The core innovation of Language-Codec lies in its architectural adjustments and training refinements. The encoder component, derived from Encodec, is responsible for downsampling audio inputs to a latent space. In contrast, the decoder segment employs Vocos' FFT-based upsampling structure, enhancing time-domain to frequency-domain transformations. The transformative aspect is the MCRVQ module, which diversifies information across codec channels, mitigating information overload in initial channels.

MCRVQ utilizes a parallel and serial hybrid quantization scheme that enforces channel masking in the initial quantization stages. This setup distributes audio information uniformly, reducing dependency on initial codec layers and streamlining downstream tasks like speech synthesis. The architecture additionally comprises improved Fourier transform capabilities, robust discriminator designs, and a data-driven approach through extensive datasets covering 50,000 hours.

Experimental Results

Evaluation Metrics

Performance evaluations were conducted using standard datasets like LibriTTS and LJSpeech. Key metrics included UTMOS, PESQ, STOI, and speaker similarity, providing a comprehensive understanding of audio quality and codec model efficacy. Lower bitrates with minimal channel numbers were targeted to reflect practical deployment scenarios.

The empirical results underscore Language-Codec's superiority.

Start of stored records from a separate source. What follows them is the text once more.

(* A subset of P^3, given as its (punctured) affine cone in k^4. *)
Definition ideal_of (C : pt -> Prop) (p : {mpoly k[4]}) : Prop :=
  forall x, C x -> p.@[x] = 0.

Definition integral_closed_subset (C : pt -> Prop) : Prop :=
  [/\ (forall x, C x -> nonzero_pt x),
      (forall x (c : k), C x -> c != 0 -> C (fun i => c * x i)),
      (forall x, nonzero_pt x -> (forall p, ideal_of C p -> p.@[x] = 0) -> C x),
      (exists x, C x) &
      (forall p q, ideal_of C (p * q) -> ideal_of C p \/ ideal_of C q)].

Definition indep_mod (J : {mpoly k[4]} -> Prop) (N : nat) (s : 'I_N -> {mpoly k[4]}) : Prop :=
  forall c : 'I_N -> k, J (\sum_(i < N) c i *: s i) -> forall i, c i = 0.

(* dim_k (S/I(C))_d = N, S = k[x0..x3] (value of the Hilbert function). *)
Definition hilb_dim (C : pt -> Prop) (d N : nat) : Prop :=
  (exists s : 'I_N -> {mpoly k[4]}, (forall i, s i \is d.-homog) /\ indep_mod (ideal_of C) s) /\
  (forall s : 'I_N.+1 -> {mpoly k[4]}, (forall i, s i \is d.-homog) -> ~ indep_mod (ideal_of C) s).

(* C is a curve (its Hilbert polynomial has degree 1) of degree e
   (leading coefficient of the Hilbert polynomial). *)
Definition curve_of_degree (C : pt -> Prop) (e : nat) : Prop :=
  (0 < e)%N /\ exists (c : int) (d0 : nat), forall d, (d0 <= d)%N ->
    exists N, hilb_dim C d N /\ (N%:Z = e%:Z * d%:Z + c)%R.

(* r lies in m_P^n, m_P the maximal ideal of the point P of k^4: all Taylor
   coefficients of r at P of order < n vanish. *)
Definition vanish_to_order (P : pt) (n : nat) (r : {mpoly k[4]}) : Prop :=
  forall m : 'X_{1..4}, (mdeg m < n)%N ->
    (r \mPo [tuple 'X_i + (P i)%:MP | i < 4])@_m = 0.

(* The ideal I(C) + (l - 1) + m_P^n of k[x0..x3]; its quotient is
   O_{C,P} / m^n, computed in the affine chart {l = 1} of P^3. *)
Definition local_ideal (C : pt -> Prop) (P : pt) (l : {mpoly k[4]}) (n : nat)
  (p : {mpoly k[4]}) : Prop :=
  exists a b r, [/\ ideal_of C a, vanish_to_order P n r & p = a + b * (l - 1) + r].

Definition quot_dim (J : {mpoly k[4]} -> Prop) (N : nat) : Prop :=
  (exists s : 'I_N -> {mpoly k[4]}, indep_mod J s) /\
  (forall s : 'I_N.+1 -> {mpoly k[4]}, ~ indep_mod J s).

(* The (Hilbert-Samuel) multiplicity of the curve C at P is m:
   length(O_{C,P}/m^n) = m n + c for n large. *)
Definition curve_mult (C : pt -> Prop) (P : pt) (m : nat) : Prop :=
  exists l : {mpoly k[4]}, [/\ l \is 1.-homog, l.@[P] = 1 &
    exists (c : int) (n0 : nat), forall n, (n0 <= n)%N ->
      exists N, quot_dim (local_ideal C P l n) N /\ (N%:Z = m%:Z * n%:Z + c)%R].

End Defs.

(* Let T be the tangent form of F at P.  By Euler's identity and Taylor's
   formula T = F + r with r in m_P^2, so T^j lies in I(C) + m_P^(2j).  Since
   I(C) is prime and T is not in I(C), multiplication by T^j embeds
   (S/I(C))_(d-j) into (S/I(C))_d.  Dehomogenizing with a linear form l,
   every class of O_(C,P)/m^(2j) is represented by a d-form once 2j <= d + 1,
   and these d-forms stay independent of the image of T^j because that image
   dies in O_(C,P)/m^(2j).  Hence e (d - j) + 2 m j <= e d + O(1) for all
   large j, that is 2 m <= e. *)

From mathcomp Require Import all_boot all_order all_algebra.
From mathcomp Require Import mpoly.
From mathcomp Require Import zify ring.

Set Implicit Arguments.
Unset Strict Implicit.
Unset Printing Implicit Defensive.
Import Order.TTheory GRing.Theory Num.Theory.
Local Open Scope ring_scope.

Section Divides.
Variable R : comRingType.
Implicit Types x y z : R.

Definition rdivides x y := exists c, y = c * x.

Lemma rdivides0 x : rdivides x 0.
Proof. by exists 0; rewrite mul0r. Qed.

Lemma rdividesD x y z : rdivides x y -> rdivides x z -> rdivides x (y + z).
Proof. by move=> [c ->] [c' ->]; exists (c + c'); rewrite mulrDl. Qed.

Lemma rdividesMl x y z : rdivides x y -> rdivides x (z * y).
Proof. by move=> [c ->]; exists (z * c); rewrite mulrA. Qed.

Lemma rdivides_subXX x y z j : rdivides x (y - z) -> rdivides x (y ^+ j - z ^+ j).
Proof. by rewrite subrXX mulrC; apply: rdividesMl. Qed.

Lemma rdivides_subM x y1 y2 z1 z2 :
  rdivides x (y1 - z1) -> rdivides x (y2 - z2) -> rdivides x (y1 * y2 - z1 * z2).
Proof.
have -> : y1 * y2 - z1 * z2 = y2 * (y1 - z1) + z1 * (y2 - z2) by ring.
by move=> h1 h2; apply: rdividesD; apply: rdividesMl.
Qed.

Lemma rdivides_sub_prod x (I : Type) (r : seq I) (F G : I -> R) :
  (forall i, rdivides x (F i - G i)) ->
  rdivides x (\prod_(i <- r) F i - \prod_(i <- r) G i).
Proof.
move=> hFG; apply: (big_ind2 (fun y z => rdivides x (y - z))) => //.
- by rewrite subrr; apply: rdivides0.
- by move=> *; apply: rdivides_subM.
Qed.

End Divides.

Section MPolyTranslation.
Variables (n : nat) (R : comRingType).
Implicit Types (p q g h : {mpoly R[n]}) (a b : 'I_n -> R).

Definition mtranslate a : n.-tuple {mpoly R[n]} := [tuple 'X_i + (a i)%:MP | i < n].

Lemma comp_mpolyA p (s t : n.-tuple {mpoly R[n]}) :
  (p \mPo s) \mPo t = p \mPo [tuple tnth s i \mPo t | i < n].
Proof.
elim/mpolyind: p => [|c m p _ _ IH]; first by rewrite !comp_mpoly0.
rewrite !comp_mpolyD !comp_mpolyZ IH !comp_mpolyX rmorph_prod /=.
by congr (_ *: _ + _); apply: eq_bigr => i _; rewrite rmorphXn tnth_mktuple.
Qed.

Lemma comp_mtranslateK a b p :
  (forall i, a i + b i = 0) -> (p \mPo mtranslate a) \mPo mtranslate b = p.
Proof.
move=> hab; rewrite comp_mpolyA -[RHS]comp_mpoly_id; congr (p \mPo _).
apply: eq_from_tnth => i; rewrite !tnth_mktuple comp_mpolyD comp_mpolyC.
by rewrite comp_mpolyXU -tnth_nth tnth_mktuple -addrA -mpolyCD [b i + _]addrC hab addr0.
Qed.

Definition vanish_at0 N g := forall m : 'X_{1..n}, (mdeg m < N)%N -> g@_m = 0.

(* Generalizes [vanish_to_order] (p in m_a^N) to any n and coefficient ring. *)
Definition vanish_at a N p := vanish_at0 N (p \mPo mtranslate a).

Lemma vanish_at0D N g h : vanish_at0 N g -> vanish_at0 N h -> vanish_at0 N (g + h).
Proof. by move=> hg hh m hm; rewrite mcoeffD hg ?hh ?addr0. Qed.

Lemma vanish_at0Z N c g : vanish_at0 N g -> vanish_at0 N (c *: g).
Proof. by move=> hg m hm; rewrite mcoeffZ hg ?mulr0. Qed.

Lemma vanish_at0M N1 N2 g h :
  vanish_at0 N1 g -> vanish_at0 N2 h -> vanish_at0 (N1 + N2) (g * h).
Proof.
move=> hg hh m hm; rewrite mpolyME raddf_sum /= big1 // => mm _.
rewrite mcoeffZ mcoeffX; case: eqP => [e|_]; last by rewrite mulr0.
move: hm; rewrite -e mdegD => hm.
have [lt1|ge1] := ltnP (mdeg mm.1) N1; first by rewrite hg ?mul0r.
by rewrite hh ?mulr0 ?mul0r //; lia.
Qed.

Lemma vanish_atD a N p q : vanish_at a N p -> vanish_at a N q -> vanish_at a N (p + q).
Proof. by rewrite /vanish_at comp_mpolyD; apply: vanish_at0D. Qed.

Lemma vanish_atZ a N c p : vanish_at a N p -> vanish_at a N (c *: p).
Proof. by rewrite /vanish_at comp_mpolyZ; apply: vanish_at0Z. Qed.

Across both LibriTTS and LJSpeech datasets, Language-Codec outperforms baseline models such as Encodec and Vocos in UTMOS, PESQ, and STOI metrics. Especially in challenging noisy environments (LibriTTS Test-Other), Language-Codec maintains robust audio reconstructive fidelity, a testament to its generalization prowess.

Downstream Applications

For zero-shot text-to-speech (TTS) models, both VALL-E and MobileSpeech benefitted from Language-Codec's representations, evidenced by enhanced speaker similarity and reduced word error rates (WER). Particularly, MobileSpeech models demonstrated superior MOS-Q and MOS-S scores, affirming the codec's adaptability to different TTS architectures.

Future Directions and Implications

The successful integration of the MCRVQ mechanism showcases a viable pathway for bridging the informational chasm between discrete codecs and speech models. Future work could explore adaptive codebook resizing and multi-scale quantization to further refine codec efficacy in dynamically varying linguistic contexts.

The practical implications are significant, as Language-Codec provides a robust, scalable solution for high-quality speech generation and comprehension tasks, potentially elevating the standards for interactive voice systems and media communications.

Conclusion

Language-Codec marks a significant milestone in discrete codec development. By addressing core issues of codec-channel information distribution and leveraging comprehensive training datasets, it sets a new benchmark in speech and audio processing. As low-rate, high-quality codecs become pivotal in multimedia applications, Language-Codec's foundational insights will inform future advancements in AI-driven audio synthesis.